Substantial changes in commodity prices have important implications for the global economy and for global inflation. However, while we expect many commodities to appreciate significantly over 2011, in our view, it is likely that the prices of those commodities that have traditionally had the greatest impact on the global inflationary process, oil and thermal coal, will increase less than many agricultural commodities and metals.

Consequently, the overall impact on inflation is likely to be less than in 2007 and 2008, with much of the focus on food prices.
• In most industrialized economies, this suggests that the impact will be modest, particularly against the background of weak and falling core inflation and still significant output gaps.
• For emerging market economies, the impact is likely to be more significant. In large part this is because the share of food prices in emerging market consumer price baskets is larger than in developed economies. It also reflects the fact that growth in emerging markets has been stronger, with resource utilization at a high level.

Given that we expect grain prices in particular to move higher, emerging markets commodities should be very much in the spotlight. Several governments, most notably China’s, have already begun to focus policies on trying to limit food price inflation – in part in an effort to ensure that it doesn’t spill over into broader based inflation – but also in an attempt to minimize the social consequences of higher food prices.

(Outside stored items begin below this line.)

(* Let $R$ be a ring, $S_0(R)$ the largest element of $\mathrm{Den}(R,0)$ and $Q(R)=S_0(R)^{-1}R=RS_0(R)^{-1}$ with group of units $Q(R)^*$. Then: (1) $S_0(Q(R))=Q(R)^*$ and $S_0(Q(R))\cap R=S_0(R)$; (2) $Q(R)^*$ is generated by $S_0(R)$ and $\{s^{-1}\mid s\in S_0(R)\}$; (3) $Q(R)^*=\{s^{-1}t\mid s,t\in S_0(R)\}=\{ts^{-1}\mid s,t\in S_0(R)\}$; (4) $Q(Q(R))=Q(R)$.
   Context: Rings are associative with $1$. A multiplicatively closed subset $S$ ($1\in S$, $0\notin S$) is a left (resp. right) Ore set if $Sr\cap Rs\ne\emptyset$ (resp. $rS\cap sR\ne\emptyset$) for all $r,s$ with $s\in S$; it is a left denominator set if it is left Ore and $rs=0$ ($s\in S$) implies $tr=0$ for some $t\in S$; right denominator sets are defined symmetrically. $\mathrm{Den}(R,0)$ is the set of subsets which are both left and right denominator sets and consist of regular elements; it has a largest element $S_0(R)$, and $Q(R):=S_0(R)^{-1}R\cong RS_0(R)^{-1}$ is the largest quotient ring of $R$, containing $R$. The same constructions apply to any ring, e.g. $Q(R)$. *)

From HB Require Import structures.
From mathcomp Require Import all_boot all_order all_algebra.
Set Implicit Arguments. Unset Strict Implicit. Unset Printing Implicit Defensive.
Import GRing.Theory.
Local Open Scope ring_scope.

Section Den.
Variable R : nzRingType.

Definition mult_closed_set (S : R -> Prop) : Prop :=
  S 1 /\ ~ S 0 /\ (forall x y, S x -> S y -> S (x * y)).

Definition left_ore (S : R -> Prop) : Prop :=
  forall r s, S s -> exists s' r', S s' /\ s' * r = r' * s.

Definition right_ore (S : R -> Prop) : Prop :=
  forall r s, S s -> exists s' r', S s' /\ r * s' = s * r'.

Definition left_den (S : R -> Prop) : Prop :=
  mult_closed_set S /\ left_ore S /\
  (forall r s, S s -> r * s = 0 -> exists t, S t /\ t * r = 0).

Definition right_den (S : R -> Prop) : Prop :=
  mult_closed_set S /\ right_ore S /\
  (forall r s, S s -> s * r = 0 -> exists t, S t /\ r * t = 0).

Definition regular (x : R) : Prop :=
  forall y, (x * y = 0 -> y = 0) /\ (y * x = 0 -> y = 0).

Definition Den0 (S : R -> Prop) : Prop :=
  left_den S /\ right_den S /\ (forall x, S x -> regular x).

(* S_0(R): the largest element of Den(R,0), i.e. the union of all its
   elements (the paper shows this union belongs to Den(R,0)). *)
Definition S0 : R -> Prop := fun x => exists S, Den0 S /\ S x.

Definition is_inv (x u : R) : Prop := x * u = 1 /\ u * x = 1.
Definition is_unit (x : R) : Prop := exists u, is_inv x u.

Inductive gen_group (A : R -> Prop) : R -> Prop :=
| gg_in x : A x -> gen_group A x
| gg_one : gen_group A 1
| gg_mul x y : gen_group A x -> gen_group A y -> gen_group A (x * y)
| gg_inv x y : gen_group A x -> is_inv x y -> gen_group A y.

End Den.

(* [f : R -> Q] presents Q as the (left and right) quotient ring
   S^{-1}R = RS^{-1} of R at S (standard characterization, unique up to
   isomorphism): images of S are units, every element is f(s)^{-1} f(r)
   and also f(r) f(s)^{-1}, and the kernel is the S-torsion. *)
Definition is_left_quotient (R Q : nzRingType) (S : R -> Prop)
  (f : {rmorphism R -> Q}) : Prop :=
  (forall s, S s -> is_unit (f s)) /\
  (forall q, exists s r u, S s /\ is_inv (f s) u /\ q = u * f r) /\
  (forall r, f r = 0 <-> exists s, S s /\ s * r = 0).

Definition is_right_quotient (R Q : nzRingType) (S : R -> Prop)
  (f : {rmorphism R -> Q}) : Prop :=
  (forall s, S s -> is_unit (f s)) /\
  (forall q, exists s r u, S s /\ is_inv (f s) u /\ q = f r * u) /\
  (forall r, f r = 0 <-> exists s, S s /\ r * s = 0).

Definition is_quotient (R Q : nzRingType) (S : R -> Prop)
  (f : {rmorphism R -> Q}) : Prop :=
  is_left_quotient S f /\ is_right_quotient S f.

From HB Require Import structures.
From mathcomp Require Import all_boot all_order all_algebra.
From Stdlib Require Import ClassicalEpsilon.
Set Implicit Arguments. Unset Strict Implicit. Unset Printing Implicit Defensive.
Import GRing.Theory.
Local Open Scope ring_scope.

(* The units of any ring form a denominator set of regular elements, so
   Q(R)^* is contained in S_0(Q(R)).  Conversely, if T is in Den(Q(R),0),
   then the preimage in R of the multiplicative closure of T and Q(R)^* is
   in Den(R,0), hence inside S_0(R).  Writing q in T as f(s)^{-1} f(t), the
   element f(t) = f(s) q lies in that closure, so t is in S_0(R), f(t) is a
   unit, and so is q.  This gives (1) and the fraction forms (2), (3); for
   (4), localizing at a set of units is an isomorphism. *)

Section Units.
Variable Q : nzRingType.

Lemma is_inv_sym (x u : Q) : is_inv x u -> is_inv u x.
Proof. by case. Qed.

Lemma is_inv_unit (x u : Q) : is_inv x u -> is_unit u.
Proof. by move/is_inv_sym; exists x. Qed.

Lemma is_unit1 : is_unit (1 : Q).
Proof. by exists 1; rewrite /is_inv mulr1. Qed.

Lemma is_unitM (x y : Q) : is_unit x -> is_unit y -> is_unit (x * y).
Proof.
case=> u [xu ux] [v [yv vy]]; exists (v * u); split.
- by rewrite mulrA -(mulrA x) yv mulr1 xu.
- by rewrite mulrA -(mulrA v) ux mulr1 vy.
Qed.

Lemma is_inv_mulKr (x u y : Q) : is_inv x u -> x * (u * y) = y.
Proof. by case=> xu _; rewrite mulrA xu mul1r. Qed.

Lemma is_inv_mulrK (x u y : Q) : is_inv x u -> y * u * x = y.
Proof. by case=> _ ux; rewrite -mulrA ux mulr1. Qed.

Lemma unit_regular (x : Q) : is_unit x -> regular x.
Proof.
case=> u [xu ux] y; split=> xy0.
- by rewrite -[y]mul1r -ux -mulrA xy0 mulr0.
- by rewrite -[y]mulr1 -xu mulrA xy0 mul0r.
Qed.

Lemma regular_neq0 (x : Q) : regular x -> x <> 0.
Proof.
move=> xreg x0; have x10 : x * 1 = 0 by rewrite x0 mul0r.
by have := oner_neq0 Q; rewrite ((xreg 1).1 x10) eqxx.
Qed.

Lemma regularM (x y : Q) : regular x -> regular y -> regular (x * y).
Proof.
move=> xreg yreg z; split=> xyz0.
- by apply: (yreg z).1; apply: (xreg (y * z)).1; rewrite mulrA.
- by apply: (xreg z).2; apply: (yreg (z * x)).2; rewrite -mulrA.
Qed.

(* For regular elements the torsion conditions of a denominator set are
   automatic: only closure and the two Ore conditions remain. *)
Lemma regular_ore_Den0 (S : Q -> Prop) :
  S 1 -> (forall x y, S x -> S y -> S (x * y)) ->
  left_ore S -> right_ore S -> (forall x, S x -> regular x) -> Den0 S.
Proof.
move=> S1 SM lS rS Sreg.
have S_mult : mult_closed_set S.
  by split=> //; split=> // /Sreg /regular_neq0.
split; [|split=> //]; split=> //; split=> // r s /Sreg sreg rs0;
  exists 1; split=> //.
- by rewrite mul1r; apply: (sreg r).2.
- by rewrite mulr1; apply: (sreg r).1.
Qed.

Lemma units_left_ore : left_ore (@is_unit Q).
Proof.
move=> r s [u su]; exists 1, (r * u); split; first exact: is_unit1.
by rewrite mul1r is_inv_mulrK.
Qed.

Lemma units_right_ore : right_ore (@is_unit Q).
Proof.
move=> r s [u su]; exists 1, (u * r); split; first exact: is_unit1.
by rewrite mulr1 is_inv_mulKr.
Qed.

Lemma units_Den0 : Den0 (@is_unit Q).
Proof.
apply: regular_ore_Den0; [exact: is_unit1 | exact: is_unitM |
  exact: units_left_ore | exact: units_right_ore | exact: unit_regular].
Qed.

Lemma unit_S0 (q : Q) : is_unit q -> S0 q.
Proof. by move=> qU; exists (@is_unit Q); split=> //; exact: units_Den0. Qed.

Lemma S0_regular (x : Q) : S0 x -> regular x.
Proof. by case=> S [[_ [_ Sreg]] Sx]; apply: Sreg. Qed.

Lemma gen_group_units (A : Q -> Prop) (q : Q) :
  (forall x, A x -> is_unit x) -> gen_group A q -> is_unit q.
Proof.
move=> AU; elim=> [x /AU | | x y _ xU _ yU | x y _ xU xy] //.
- exact: is_unit1.
- exact: is_unitM.
- exact: is_inv_unit xy.
Qed.

Inductive unit_closure (T : Q -> Prop) : Q -> Prop :=
| uc_in x : T x -> unit_closure T x
| uc_unit x : is_unit x -> unit_closure T x
| uc_mul x y : unit_closure T x -> unit_closure T y -> unit_closure T (x * y).

Lemma unit_closure_left_ore (T : Q -> Prop) :
  left_ore T -> left_ore (unit_closure T).
Proof.
move=> lT r s sT; elim: sT r => [x xT | x xU | x y _ IHx _ IHy] r.
- by have [s' [r' [s'T E]]] := lT r x xT; exists s', r'; split; first exact: uc_in.
- by have [s' [r' [s'U E]]] := units_left_ore r xU; exists s', r'; split;
    first exact: uc_unit.
- have [s1 [r1 [s1T E1]]] := IHy r; have [s2 [r2 [s2T E2]]] := IHx r1.
  exists (s2 * s1), r2; split; first exact: uc_mul.
  by rewrite -mulrA E1 mulrA E2 mulrA.
Qed.

Lemma unit_closure_right_ore (T : Q -> Prop) :
  right_ore T -> right_ore (unit_closure T).
Proof.
move=> rT r s sT; elim: sT r => [x xT | x xU | x y _ IHx _ IHy] r.
- by have [s' [r' [s'T E]]] := rT r x xT; exists s', r'; split; first exact: uc_in.
- by have [s' [r' [s'U E]]] := units_right_ore r xU; exists s', r'; split;
    first exact: uc_unit.
- have [s1 [r1 [s1T E1]]] := IHx r; have [s2 [r2 [s2T E2]]] := IHy r1.
  exists (s1 * s2), r2; split; first exact: uc_mul.
  by rewrite mulrA E1 -mulrA E2 mulrA.
Qed.

Lemma unit_closure_Den0 (T : Q -> Prop) : Den0 T -> Den0 (unit_closure T).
Proof.
move=> [[_ [lT _]] [[_ [rT _]] Treg]].
apply: regular_ore_Den0.
- exact/uc_unit/is_unit1.
- exact: uc_mul.
- exact: unit_closure_left_ore.
- exact: unit_closure_right_ore.
- by move=> x; elim=> [y /Treg | y /unit_regular | y z _ ? _ ?] //; exact: regularM.
Qed.

End Units.

Lemma regular_of_image (R Q : nzRingType) (f : {rmorphism R -> Q}) (r : R) :
  injective f -> regular (f r) -> regular r.
Proof.
move=> finj freg y; split=> ry0; apply: finj; rewrite rmorph0.
- by apply: (freg (f y)).1; rewrite -rmorphM ry0 rmorph0.
- by apply: (freg (f y)).2; rewrite -rmorphM ry0 rmorph0.
Qed.

Lemma left_quotient_inj (R Q : nzRingType) (S : R -> Prop)
    (f : {rmorphism R -> Q}) :
  (forall s, S s -> regular s) -> is_left_quotient S f -> injective f.
Proof.
move=> Sreg [_ [_ fker]] x y fxy; apply/eqP; rewrite -subr_eq0; apply/eqP.
have /fker [s [sS sxy0]] : f (x - y) = 0 by rewrite rmorphB fxy subrr.
exact: (Sreg s sS _).1.
Qed.

Lemma left_quotient_at_units_bijective (R Q : nzRingType) (S : R -> Prop)
    (g : {rmorphism R -> Q}) :
  (forall s, S s -> is_unit s) -> is_left_quotient S g -> bijective g.
Proof.
move=> SU gq; have [gU [gl _]] := gq.
have ginj := left_quotient_inj (fun s sS => unit_regular (SU s sS)) gq.
have gsurj q : {x | g x = q}.
  apply: constructive_indefinite_description.
  have [s [r [u [sS [gsu qE]]]]] := gl q.
  have [v sv] := SU s sS.
  have gvu : g v = u.
    by rewrite -[g v]mulr1 -gsu.1 mulrA -rmorphM sv.2 rmorph1 mul1r.
  by exists (v * r); rewrite rmorphM gvu qE.
exists (fun q => proj1_sig (gsurj q)) => [x | q]; last exact: (proj2_sig (gsurj q)).
by apply: ginj; rewrite (proj2_sig (gsurj (g x))).
Qed.

Section Quotient.
Variables (R Q : nzRingType) (S : R -> Prop) (f : {rmorphism R -> Q}).
Hypothesis S_regular : forall s, S s -> regular s.
Hypotheses (fl : is_left_quotient S f) (fr : is_right_quotient S f).

Let f_inj : injective f := left_quotient_inj S_regular fl.

Lemma preimage_unit_closure_left_ore (T : Q -> Prop) :
  left_ore T -> left_ore (fun r => unit_closure T (f r)).
Proof.
move=> /unit_closure_left_ore lT r s /(lT (f r)) [g [q [gT Eg]]].
have [s1 [b [u1 [s1S [fs1u1 qE]]]]] := fl.2.1 q.
rewrite {}qE in Eg.
have [c [a [u [cS [fcu Ea]]]]] := fl.2.1 (f s1 * g).
have fa : f a = f c * (f s1 * g) by rewrite Ea is_inv_mulKr.
exists a, (c * b); split=> /=.
- rewrite fa; apply: uc_mul; first by apply/uc_unit/fl.1.
  by apply: uc_mul => //; apply/uc_unit/fl.1.
- apply: f_inj; rewrite !rmorphM fa -!mulrA; congr (_ * _).
  by rewrite Eg -mulrA is_inv_mulKr.
Qed.

Lemma preimage_unit_closure_right_ore (T : Q -> Prop) :
  right_ore T -> right_ore (fun r => unit_closure T (f r)).
Proof.
move=> /unit_closure_right_ore rT r s /(rT (f r)) [g [q [gT Eg]]].
have [s1 [b [u1 [s1S [fs1u1 qE]]]]] := fr.2.1 q.
rewrite {}qE in Eg.
have [c [a [u [cS [fcu Ea]]]]] := fr.2.1 (g * f s1).
have fa : f a = g * f s1 * f c by rewrite Ea is_inv_mulrK.
exists a, (b * c); split=> /=.
- rewrite fa; apply: uc_mul; last by apply/uc_unit/fr.1.
  by apply: uc_mul => //; apply/uc_unit/fr.1.
- apply: f_inj; rewrite !rmorphM fa !mulrA; congr (_ * _).
  by rewrite Eg mulrA is_inv_mulrK.
Qed.

Lemma preimage_unit_closure_Den0 (T : Q -> Prop) :
  Den0 T -> Den0 (fun r => unit_closure T (f r)).
Proof.
move=> DT; have [[_ [lT _]] [[_ [rT _]] _]] := DT.
have [_ [_ UTreg]] := unit_closure_Den0 DT.
apply: regular_ore_Den0 => /=.
- by rewrite rmorph1; apply/uc_unit/is_unit1.
- by move=> x y xT yT; rewrite rmorphM; exact: uc_mul.
- exact: preimage_unit_closure_left_ore.
- exact: preimage_unit_closure_right_ore.
- by move=> x /UTreg; exact: regular_of_image.
Qed.

Lemma S0_of_image (r : R) : S0 (f r) -> S0 r.
Proof.
case=> T [DT frT]; exists (fun r => unit_closure T (f r)).
by split; [exact: preimage_unit_closure_Den0 | exact: uc_in].
Qed.

Lemma S0_left_fraction (q : Q) : S0 q ->
  exists s t u, S s /\ S0 t /\ is_inv (f s) u /\ q = u * f t.
Proof.
move=> qS0; have [s [t [u [sS [fsu qE]]]]] := fl.2.1 q.
exists s, t, u; do 2!split=> //; apply: S0_of_image.
case: qS0 => T [DT qT]; exists (unit_closure T).
split; first exact: unit_closure_Den0.
rewrite -(is_inv_mulKr (f t) fsu) -qE.
by apply: uc_mul; [apply/uc_unit/fl.1 | apply: uc_in].
Qed.

Lemma S0_right_fraction (q : Q) : S0 q ->
  exists s t u, S s /\ S0 t /\ is_inv (f s) u /\ q = f t * u.
Proof.
move=> qS0; have [s [t [u [sS [fsu qE]]]]] := fr.2.1 q.
exists s, t, u; do 2!split=> //; apply: S0_of_image.
case: qS0 => T [DT qT]; exists (unit_closure T).
split; first exact: unit_closure_Den0.
rewrite -(is_inv_mulrK (f t) fsu) -qE.
by apply: uc_mul; [apply: uc_in | apply/uc_unit/fr.1].
Qed.

End Quotient.

Theorem theorem4p4 (R Q : nzRingType) (f : {rmorphism R -> Q})
  (hQ : is_quotient (@S0 R) f) :
  (* (1) *)
  ((forall q : Q, @S0 Q q <-> is_unit q) /\
   (forall r : R, @S0 Q (f r) <-> @S0 R r)) /\
  (* (2) *)
  (forall q : Q, is_unit q <->
     gen_group (fun x : Q => exists s, @S0 R s /\ (x = f s \/ is_inv (f s) x)) q) /\
  (* (3) *)
  (forall q : Q, is_unit q <->
     exists s t u, @S0 R s /\ @S0 R t /\ is_inv (f s) u /\ q = u * f t) /\
  (forall q : Q, is_unit q <->
     exists s t u, @S0 R s /\ @S0 R t /\ is_inv (f s) u /\ q = f t * u) /\
  (* (4) Q(Q(R)) = Q(R): the canonical map Q(R) -> Q(Q(R)) is bijective *)
  (forall (Q' : nzRingType) (g : {rmorphism Q -> Q'}),
     is_quotient (@S0 Q) g -> bijective g).
Proof.
have [fl fr] := hQ; have fU : forall s, S0 s -> is_unit (f s) := fl.1.
have left_frac := S0_left_fraction (@S0_regular R) fl fr.
have right_frac := S0_right_fraction (@S0_regular R) fl fr.
have unit_left_frac q : is_unit q <->
    exists s t u, S0 s /\ S0 t /\ is_inv (f s) u /\ q = u * f t.
  split=> [/unit_S0/left_frac // | [s [t [u [_ [tS [/is_inv_unit uU ->]]]]]]].
  exact: is_unitM uU (fU t tS).
have unit_right_frac q : is_unit q <->
    exists s t u, S0 s /\ S0 t /\ is_inv (f s) u /\ q = f t * u.
  split=> [/unit_S0/right_frac // | [s [t [u [_ [tS [/is_inv_unit uU ->]]]]]]].
  exact: is_unitM (fU t tS) uU.
have S0_unit (q : Q) : S0 q <-> is_unit q.
  by split=> [/left_frac ? | /unit_S0 //]; apply/unit_left_frac.
split.
  split=> // r; split=> [/(S0_of_image (@S0_regular R) fl fr) ? | /fU/unit_S0 ?] //.
split.
  move=> q; split.
  - case/unit_left_frac=> s [t [u [sS [tS [fsu ->]]]]].
    apply: gg_mul; apply: gg_in; first by exists s; split; last right.
    by exists t; split; last left.
  - apply: gen_group_units => x [s [sS [-> | /is_inv_unit //]]]; exact: fU.
split=> //; split=> // Q' g [gl _].
exact: left_quotient_at_units_bijective (fun q => (S0_unit q).1) gl.
Qed.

While the objectives are understandable, it should be noted that there is a risk that policies aimed at addressing food price inflation, such as price caps and trade restrictions, will reduce the effectiveness of the price mechanism in the adjustment process. The risk is that in implementing policies that control prices in the short term, governments inadvertently reduce the incentives for higher production and lower consumption, thereby exacerbating the imbalances. For example, if major exporters were to impose further export restrictions, the reduction in supply to the global market could result in significantly higher food prices over coming years.